Give back, word for word, the lines in the listing below from the one holding "Lemma resample_flip_le a" down to the one holding "(forall i, 0 <= a i)", both ends included.

● Dataset content:

▶

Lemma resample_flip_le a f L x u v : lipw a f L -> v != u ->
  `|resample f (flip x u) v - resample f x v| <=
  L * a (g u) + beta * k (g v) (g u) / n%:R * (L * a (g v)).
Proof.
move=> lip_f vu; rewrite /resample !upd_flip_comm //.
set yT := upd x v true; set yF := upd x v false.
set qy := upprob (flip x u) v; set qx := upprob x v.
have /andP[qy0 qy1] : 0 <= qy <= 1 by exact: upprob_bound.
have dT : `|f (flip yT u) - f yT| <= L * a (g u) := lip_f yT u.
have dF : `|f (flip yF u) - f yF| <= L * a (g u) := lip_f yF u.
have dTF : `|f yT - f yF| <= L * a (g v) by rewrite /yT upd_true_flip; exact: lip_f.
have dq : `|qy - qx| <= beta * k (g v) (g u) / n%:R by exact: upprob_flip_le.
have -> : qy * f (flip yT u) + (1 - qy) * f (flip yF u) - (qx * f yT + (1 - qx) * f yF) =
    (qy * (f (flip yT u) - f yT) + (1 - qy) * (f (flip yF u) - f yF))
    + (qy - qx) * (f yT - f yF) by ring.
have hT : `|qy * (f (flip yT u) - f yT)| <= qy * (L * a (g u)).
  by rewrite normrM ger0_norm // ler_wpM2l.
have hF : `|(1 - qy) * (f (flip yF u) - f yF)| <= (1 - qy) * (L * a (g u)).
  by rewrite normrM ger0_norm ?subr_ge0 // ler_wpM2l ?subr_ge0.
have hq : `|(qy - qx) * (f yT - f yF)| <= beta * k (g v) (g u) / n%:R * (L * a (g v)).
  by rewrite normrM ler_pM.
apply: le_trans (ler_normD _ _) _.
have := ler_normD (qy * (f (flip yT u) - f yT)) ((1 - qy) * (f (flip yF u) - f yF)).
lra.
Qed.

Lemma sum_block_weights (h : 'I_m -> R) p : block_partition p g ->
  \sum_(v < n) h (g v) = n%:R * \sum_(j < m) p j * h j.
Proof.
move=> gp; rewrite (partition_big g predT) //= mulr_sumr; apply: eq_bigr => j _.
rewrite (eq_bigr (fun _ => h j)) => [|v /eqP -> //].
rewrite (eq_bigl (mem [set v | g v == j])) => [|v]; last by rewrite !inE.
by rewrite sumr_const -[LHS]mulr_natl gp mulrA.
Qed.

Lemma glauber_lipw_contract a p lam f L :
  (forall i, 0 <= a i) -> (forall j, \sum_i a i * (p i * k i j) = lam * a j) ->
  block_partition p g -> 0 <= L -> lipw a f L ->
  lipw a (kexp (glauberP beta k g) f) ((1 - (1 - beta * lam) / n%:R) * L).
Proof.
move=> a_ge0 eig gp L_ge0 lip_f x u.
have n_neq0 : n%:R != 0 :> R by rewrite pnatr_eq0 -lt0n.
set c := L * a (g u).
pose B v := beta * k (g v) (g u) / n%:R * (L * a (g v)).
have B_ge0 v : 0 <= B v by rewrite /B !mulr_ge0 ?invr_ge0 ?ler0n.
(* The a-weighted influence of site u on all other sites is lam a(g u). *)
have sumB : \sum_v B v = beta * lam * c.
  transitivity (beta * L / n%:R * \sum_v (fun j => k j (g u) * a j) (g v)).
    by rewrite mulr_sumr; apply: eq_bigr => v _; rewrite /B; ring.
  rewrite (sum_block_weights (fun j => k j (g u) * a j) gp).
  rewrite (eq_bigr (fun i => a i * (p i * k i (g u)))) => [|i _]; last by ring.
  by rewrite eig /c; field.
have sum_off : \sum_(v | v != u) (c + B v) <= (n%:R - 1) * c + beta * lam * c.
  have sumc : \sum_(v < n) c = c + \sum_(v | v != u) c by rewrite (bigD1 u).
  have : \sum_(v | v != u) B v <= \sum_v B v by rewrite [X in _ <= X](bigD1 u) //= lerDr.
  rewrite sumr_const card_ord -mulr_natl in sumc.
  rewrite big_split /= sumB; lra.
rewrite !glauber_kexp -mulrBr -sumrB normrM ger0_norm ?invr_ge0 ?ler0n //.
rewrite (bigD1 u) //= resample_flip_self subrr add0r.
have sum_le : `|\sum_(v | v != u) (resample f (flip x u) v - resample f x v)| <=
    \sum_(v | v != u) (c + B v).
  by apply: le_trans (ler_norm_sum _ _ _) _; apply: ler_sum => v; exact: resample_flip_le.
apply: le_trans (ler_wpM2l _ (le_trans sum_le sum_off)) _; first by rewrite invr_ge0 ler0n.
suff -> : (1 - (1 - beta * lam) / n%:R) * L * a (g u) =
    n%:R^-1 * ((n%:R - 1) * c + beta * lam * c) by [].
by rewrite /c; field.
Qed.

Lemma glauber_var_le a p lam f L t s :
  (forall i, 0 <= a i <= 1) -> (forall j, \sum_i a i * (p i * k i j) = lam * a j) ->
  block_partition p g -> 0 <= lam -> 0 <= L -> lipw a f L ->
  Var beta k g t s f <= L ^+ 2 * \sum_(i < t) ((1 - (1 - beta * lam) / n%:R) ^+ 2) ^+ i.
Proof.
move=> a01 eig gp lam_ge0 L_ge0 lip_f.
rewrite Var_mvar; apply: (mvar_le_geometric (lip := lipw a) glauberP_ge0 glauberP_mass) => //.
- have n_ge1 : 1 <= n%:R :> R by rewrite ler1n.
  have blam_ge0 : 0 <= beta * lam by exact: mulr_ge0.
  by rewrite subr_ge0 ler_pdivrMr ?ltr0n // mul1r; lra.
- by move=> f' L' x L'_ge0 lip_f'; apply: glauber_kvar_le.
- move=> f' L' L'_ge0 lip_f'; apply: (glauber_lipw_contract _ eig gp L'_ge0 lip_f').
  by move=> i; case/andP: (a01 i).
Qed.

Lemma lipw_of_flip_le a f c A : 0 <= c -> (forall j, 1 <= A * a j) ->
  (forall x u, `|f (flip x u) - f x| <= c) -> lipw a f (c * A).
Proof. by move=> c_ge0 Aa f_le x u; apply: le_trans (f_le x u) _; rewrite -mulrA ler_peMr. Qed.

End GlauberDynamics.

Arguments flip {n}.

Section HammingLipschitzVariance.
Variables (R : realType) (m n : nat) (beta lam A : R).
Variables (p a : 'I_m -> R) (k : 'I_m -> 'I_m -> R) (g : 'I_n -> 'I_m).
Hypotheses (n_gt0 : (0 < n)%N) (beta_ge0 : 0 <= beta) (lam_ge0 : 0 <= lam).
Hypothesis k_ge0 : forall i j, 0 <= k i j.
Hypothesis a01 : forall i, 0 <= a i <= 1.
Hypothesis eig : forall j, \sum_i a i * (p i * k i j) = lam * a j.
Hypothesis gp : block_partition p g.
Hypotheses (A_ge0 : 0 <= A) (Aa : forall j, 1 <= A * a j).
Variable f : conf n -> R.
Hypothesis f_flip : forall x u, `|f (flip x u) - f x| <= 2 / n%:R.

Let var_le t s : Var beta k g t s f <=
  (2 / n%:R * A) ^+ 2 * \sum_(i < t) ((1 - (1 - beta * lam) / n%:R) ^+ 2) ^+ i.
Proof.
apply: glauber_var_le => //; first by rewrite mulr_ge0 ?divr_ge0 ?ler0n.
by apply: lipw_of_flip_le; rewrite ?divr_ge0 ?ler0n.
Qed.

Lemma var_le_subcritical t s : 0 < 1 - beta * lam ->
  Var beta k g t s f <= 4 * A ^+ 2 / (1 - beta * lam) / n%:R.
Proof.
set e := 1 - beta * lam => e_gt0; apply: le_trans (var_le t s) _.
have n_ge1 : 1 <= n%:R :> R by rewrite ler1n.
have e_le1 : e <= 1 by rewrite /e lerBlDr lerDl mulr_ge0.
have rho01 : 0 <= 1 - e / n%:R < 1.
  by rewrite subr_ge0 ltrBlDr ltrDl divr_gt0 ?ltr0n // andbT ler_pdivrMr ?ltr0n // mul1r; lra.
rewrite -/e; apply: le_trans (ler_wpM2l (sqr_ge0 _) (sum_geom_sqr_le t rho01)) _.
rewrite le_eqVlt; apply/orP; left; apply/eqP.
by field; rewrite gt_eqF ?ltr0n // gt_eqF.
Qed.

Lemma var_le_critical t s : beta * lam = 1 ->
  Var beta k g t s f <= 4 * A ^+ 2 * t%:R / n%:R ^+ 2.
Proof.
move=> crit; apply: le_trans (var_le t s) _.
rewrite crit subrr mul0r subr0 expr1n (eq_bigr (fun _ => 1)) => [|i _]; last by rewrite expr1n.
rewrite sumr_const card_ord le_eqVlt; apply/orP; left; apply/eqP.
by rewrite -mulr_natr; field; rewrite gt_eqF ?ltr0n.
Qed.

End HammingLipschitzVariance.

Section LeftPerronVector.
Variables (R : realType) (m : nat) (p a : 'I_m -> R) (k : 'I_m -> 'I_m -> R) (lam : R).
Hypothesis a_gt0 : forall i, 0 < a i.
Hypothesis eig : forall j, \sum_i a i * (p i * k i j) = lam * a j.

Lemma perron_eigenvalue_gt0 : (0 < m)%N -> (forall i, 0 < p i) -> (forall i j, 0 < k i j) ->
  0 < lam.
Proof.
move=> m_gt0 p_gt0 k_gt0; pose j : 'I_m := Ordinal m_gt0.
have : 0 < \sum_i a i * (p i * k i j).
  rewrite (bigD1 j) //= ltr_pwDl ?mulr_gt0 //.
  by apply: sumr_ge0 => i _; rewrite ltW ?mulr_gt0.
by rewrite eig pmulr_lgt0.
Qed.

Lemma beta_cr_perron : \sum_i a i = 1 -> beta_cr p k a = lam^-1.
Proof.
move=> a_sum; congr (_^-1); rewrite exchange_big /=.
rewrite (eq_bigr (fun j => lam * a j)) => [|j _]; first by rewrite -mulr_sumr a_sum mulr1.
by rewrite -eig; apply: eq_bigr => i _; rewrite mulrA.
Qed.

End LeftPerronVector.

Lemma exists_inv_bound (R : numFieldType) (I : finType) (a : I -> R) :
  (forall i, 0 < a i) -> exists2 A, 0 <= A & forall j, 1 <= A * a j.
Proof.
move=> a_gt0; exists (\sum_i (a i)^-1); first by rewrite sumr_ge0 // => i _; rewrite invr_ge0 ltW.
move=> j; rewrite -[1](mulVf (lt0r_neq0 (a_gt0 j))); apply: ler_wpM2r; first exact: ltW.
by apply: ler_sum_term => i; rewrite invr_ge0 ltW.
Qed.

◀
▶

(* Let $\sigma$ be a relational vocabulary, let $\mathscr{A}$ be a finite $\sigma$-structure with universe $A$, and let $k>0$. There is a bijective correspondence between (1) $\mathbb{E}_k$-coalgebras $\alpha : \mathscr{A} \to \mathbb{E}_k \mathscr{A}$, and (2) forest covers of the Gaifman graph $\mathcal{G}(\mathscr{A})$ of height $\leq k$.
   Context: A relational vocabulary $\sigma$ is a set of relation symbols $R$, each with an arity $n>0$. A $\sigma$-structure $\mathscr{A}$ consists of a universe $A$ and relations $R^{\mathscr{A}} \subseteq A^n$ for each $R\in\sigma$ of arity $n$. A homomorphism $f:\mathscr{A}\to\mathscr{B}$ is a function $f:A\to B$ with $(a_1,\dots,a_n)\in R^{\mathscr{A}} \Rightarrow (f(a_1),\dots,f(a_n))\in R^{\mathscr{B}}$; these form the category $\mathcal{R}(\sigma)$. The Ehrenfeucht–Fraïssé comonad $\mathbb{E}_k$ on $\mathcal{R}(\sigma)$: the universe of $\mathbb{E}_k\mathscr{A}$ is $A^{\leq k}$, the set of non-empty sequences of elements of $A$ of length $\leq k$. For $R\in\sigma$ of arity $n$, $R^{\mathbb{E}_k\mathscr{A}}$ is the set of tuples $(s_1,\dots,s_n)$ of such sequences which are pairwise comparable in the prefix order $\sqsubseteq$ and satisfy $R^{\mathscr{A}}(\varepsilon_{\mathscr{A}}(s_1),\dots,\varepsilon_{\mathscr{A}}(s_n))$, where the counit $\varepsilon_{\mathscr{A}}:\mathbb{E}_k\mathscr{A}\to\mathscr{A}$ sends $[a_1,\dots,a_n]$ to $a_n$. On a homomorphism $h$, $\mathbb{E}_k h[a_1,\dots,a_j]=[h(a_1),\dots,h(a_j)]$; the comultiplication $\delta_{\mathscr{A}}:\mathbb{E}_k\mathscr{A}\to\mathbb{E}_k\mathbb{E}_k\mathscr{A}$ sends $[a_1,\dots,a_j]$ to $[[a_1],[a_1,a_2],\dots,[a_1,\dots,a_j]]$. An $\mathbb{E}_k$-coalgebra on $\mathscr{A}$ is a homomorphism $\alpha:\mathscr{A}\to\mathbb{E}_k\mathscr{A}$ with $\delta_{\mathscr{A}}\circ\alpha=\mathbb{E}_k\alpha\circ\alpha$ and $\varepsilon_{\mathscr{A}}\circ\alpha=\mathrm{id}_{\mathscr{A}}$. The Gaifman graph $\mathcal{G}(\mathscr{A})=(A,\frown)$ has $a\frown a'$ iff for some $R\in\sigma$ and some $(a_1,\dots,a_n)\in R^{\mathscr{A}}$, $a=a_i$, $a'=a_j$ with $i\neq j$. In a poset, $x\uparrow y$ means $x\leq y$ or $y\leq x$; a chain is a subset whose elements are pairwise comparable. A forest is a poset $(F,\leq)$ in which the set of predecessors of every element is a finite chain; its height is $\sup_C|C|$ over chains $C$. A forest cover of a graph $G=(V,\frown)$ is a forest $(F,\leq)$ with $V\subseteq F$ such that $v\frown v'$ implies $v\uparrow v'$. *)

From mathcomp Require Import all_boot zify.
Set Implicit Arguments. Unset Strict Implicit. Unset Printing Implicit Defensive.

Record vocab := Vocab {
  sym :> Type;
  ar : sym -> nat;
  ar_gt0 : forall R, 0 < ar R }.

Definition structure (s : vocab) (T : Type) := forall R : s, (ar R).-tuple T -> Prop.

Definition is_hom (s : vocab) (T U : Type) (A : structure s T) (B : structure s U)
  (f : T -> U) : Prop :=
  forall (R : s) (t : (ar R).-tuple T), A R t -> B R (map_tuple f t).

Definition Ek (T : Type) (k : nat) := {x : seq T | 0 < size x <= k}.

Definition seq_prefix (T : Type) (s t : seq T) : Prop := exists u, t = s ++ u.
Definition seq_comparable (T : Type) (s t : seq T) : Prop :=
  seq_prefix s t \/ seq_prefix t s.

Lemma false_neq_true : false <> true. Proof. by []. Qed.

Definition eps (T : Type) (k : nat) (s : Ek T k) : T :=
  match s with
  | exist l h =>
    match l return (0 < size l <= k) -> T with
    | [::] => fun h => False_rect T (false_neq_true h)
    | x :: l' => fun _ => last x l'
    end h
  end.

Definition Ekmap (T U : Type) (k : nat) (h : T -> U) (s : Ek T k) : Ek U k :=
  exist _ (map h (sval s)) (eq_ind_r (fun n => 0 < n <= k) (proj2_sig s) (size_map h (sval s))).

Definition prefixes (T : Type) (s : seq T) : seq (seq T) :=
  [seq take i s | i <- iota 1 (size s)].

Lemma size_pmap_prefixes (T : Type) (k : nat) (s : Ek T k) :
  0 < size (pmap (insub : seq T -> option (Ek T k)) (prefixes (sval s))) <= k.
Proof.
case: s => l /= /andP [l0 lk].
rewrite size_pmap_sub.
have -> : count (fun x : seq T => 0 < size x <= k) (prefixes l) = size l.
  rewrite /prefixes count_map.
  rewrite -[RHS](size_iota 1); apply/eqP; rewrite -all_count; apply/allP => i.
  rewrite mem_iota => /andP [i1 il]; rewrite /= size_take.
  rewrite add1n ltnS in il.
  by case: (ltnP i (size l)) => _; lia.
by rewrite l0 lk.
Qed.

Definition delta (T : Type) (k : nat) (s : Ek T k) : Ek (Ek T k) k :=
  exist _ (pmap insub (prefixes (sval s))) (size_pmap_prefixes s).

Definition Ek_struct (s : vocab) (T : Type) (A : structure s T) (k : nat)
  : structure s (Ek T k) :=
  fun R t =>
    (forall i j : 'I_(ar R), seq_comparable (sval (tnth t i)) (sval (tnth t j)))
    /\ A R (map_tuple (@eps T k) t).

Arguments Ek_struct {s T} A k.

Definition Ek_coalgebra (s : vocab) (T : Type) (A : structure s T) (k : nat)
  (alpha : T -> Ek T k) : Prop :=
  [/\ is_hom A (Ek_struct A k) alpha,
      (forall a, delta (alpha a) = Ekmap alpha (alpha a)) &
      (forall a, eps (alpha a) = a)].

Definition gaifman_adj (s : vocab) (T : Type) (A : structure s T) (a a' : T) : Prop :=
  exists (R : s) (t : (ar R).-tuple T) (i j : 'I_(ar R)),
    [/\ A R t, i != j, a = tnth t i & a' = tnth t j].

◀

● Answer to this task:
Lemma resample_flip_le a f L x u v : lipw a f L -> v != u ->
  `|resample f (flip x u) v - resample f x v| <=
  L * a (g u) + beta * k (g v) (g u) / n%:R * (L * a (g v)).
Proof.
move=> lip_f vu; rewrite /resample !upd_flip_comm //.
set yT := upd x v true; set yF := upd x v false.
set qy := upprob (flip x u) v; set qx := upprob x v.
have /andP[qy0 qy1] : 0 <= qy <= 1 by exact: upprob_bound.
have dT : `|f (flip yT u) - f yT| <= L * a (g u) := lip_f yT u.
have dF : `|f (flip yF u) - f yF| <= L * a (g u) := lip_f yF u.
have dTF : `|f yT - f yF| <= L * a (g v) by rewrite /yT upd_true_flip; exact: lip_f.
have dq : `|qy - qx| <= beta * k (g v) (g u) / n%:R by exact: upprob_flip_le.
have -> : qy * f (flip yT u) + (1 - qy) * f (flip yF u) - (qx * f yT + (1 - qx) * f yF) =
    (qy * (f (flip yT u) - f yT) + (1 - qy) * (f (flip yF u) - f yF))
    + (qy - qx) * (f yT - f yF) by ring.
have hT : `|qy * (f (flip yT u) - f yT)| <= qy * (L * a (g u)).
  by rewrite normrM ger0_norm // ler_wpM2l.
have hF : `|(1 - qy) * (f (flip yF u) - f yF)| <= (1 - qy) * (L * a (g u)).
  by rewrite normrM ger0_norm ?subr_ge0 // ler_wpM2l ?subr_ge0.
have hq : `|(qy - qx) * (f yT - f yF)| <= beta * k (g v) (g u) / n%:R * (L * a (g v)).
  by rewrite normrM ler_pM.
apply: le_trans (ler_normD _ _) _.
have := ler_normD (qy * (f (flip yT u) - f yT)) ((1 - qy) * (f (flip yF u) - f yF)).
lra.
Qed.

Lemma sum_block_weights (h : 'I_m -> R) p : block_partition p g ->
  \sum_(v < n) h (g v) = n%:R * \sum_(j < m) p j * h j.
Proof.
move=> gp; rewrite (partition_big g predT) //= mulr_sumr; apply: eq_bigr => j _.
rewrite (eq_bigr (fun _ => h j)) => [|v /eqP -> //].
rewrite (eq_bigl (mem [set v | g v == j])) => [|v]; last by rewrite !inE.
by rewrite sumr_const -[LHS]mulr_natl gp mulrA.
Qed.

Lemma glauber_lipw_contract a p lam f L :
  (forall i, 0 <= a i) -> (forall j, \sum_i a i * (p i * k i j) = lam * a j) ->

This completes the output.